### [Problem details]
In the data below, the answer is the run of lines from the line containing "match a with" through the line containing "(forall e, S e -> ele e s)", both included; print it exactly and nothing else.

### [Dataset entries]
Definition Eopp (a : ereal) : ereal :=
  match a with Fin x => Fin (- x) | PInf => NInf | NInf => PInf end.

(* addition; the convention chosen for the undefined sum is
   (+oo) + (-oo) = (-oo) + (+oo) = -oo (it never arises in the theorem) *)
Definition Eplus (a b : ereal) : ereal :=
  match a, b with
  | Fin x, Fin y => Fin (x + y)
  | NInf, _ | _, NInf => NInf
  | _, _ => PInf
  end.

Definition is_Esup (S : ereal -> Prop) (s : ereal) : Prop :=
  (forall e, S e -> ele e s) /\ (forall u, (forall e, S e -> ele e u) -> ele s u).
Definition is_Einf (S : ereal -> Prop) (s : ereal) : Prop :=
  (forall e, S e -> ele s e) /\ (forall u, (forall e, S e -> ele u e) -> ele u s).

(* supremum / infimum of a set of extended reals (they always exist; the
   definition uses Hilbert's epsilon) *)
Definition Esup (S : ereal -> Prop) : ereal := epsilon (inhabits NInf) (is_Esup S).
Definition Einf (S : ereal -> Prop) : ereal := epsilon (inhabits PInf) (is_Einf S).

Definition dom {X : VS} (f : X -> ereal) (x : X) : Prop := f x <> PInf.

Definition convex_fun {X : VS} (f : X -> ereal) : Prop :=
  forall x z t a b, 0 <= t <= 1 -> f x = Fin a -> f z = Fin b ->
    ele (f (vadd (vscal t x) (vscal (1 - t) z))) (Fin (t * a + (1 - t) * b)).

Definition wlsc {X Y : VS} (D : Duality X Y) (f : X -> ereal) : Prop :=
  forall r : R, wclosed D (fun x => ele (f x) (Fin r)).

Definition inf_over {T : Type} (A : T -> Prop) (g : T -> ereal) : ereal :=
  Einf (fun e => exists x, A x /\ e = g x).

Definition conjugate {X Y : VS} (D : Duality X Y) (f : X -> ereal) (y : Y) : ereal :=
  Esup (fun e => exists x, e = Eplus (Fin (pair D x y)) (Eopp (f x))).

(* support function xi_C^*(y) = sup_{x in C} <x,y>, the conjugate of the indicator *)
Definition support {X Y : VS} (D : Duality X Y) (C : X -> Prop) (y : Y) : ereal :=
  Esup (fun e => exists x, C x /\ e = Fin (pair D x y)).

### [Your response]
  match a with Fin x => Fin (- x) | PInf => NInf | NInf => PInf end.

(* addition; the convention chosen for the undefined sum is
   (+oo) + (-oo) = (-oo) + (+oo) = -oo (it never arises in the theorem) *)
Definition Eplus (a b : ereal) : ereal :=
  match a, b with
  | Fin x, Fin y => Fin (x + y)
  | NInf, _ | _, NInf => NInf
  | _, _ => PInf
  end.

Definition is_Esup (S : ereal -> Prop) (s : ereal) : Prop :=
  (forall e, S e -> ele e s) /\ (forall u, (forall e, S e -> ele e u) -> ele s u).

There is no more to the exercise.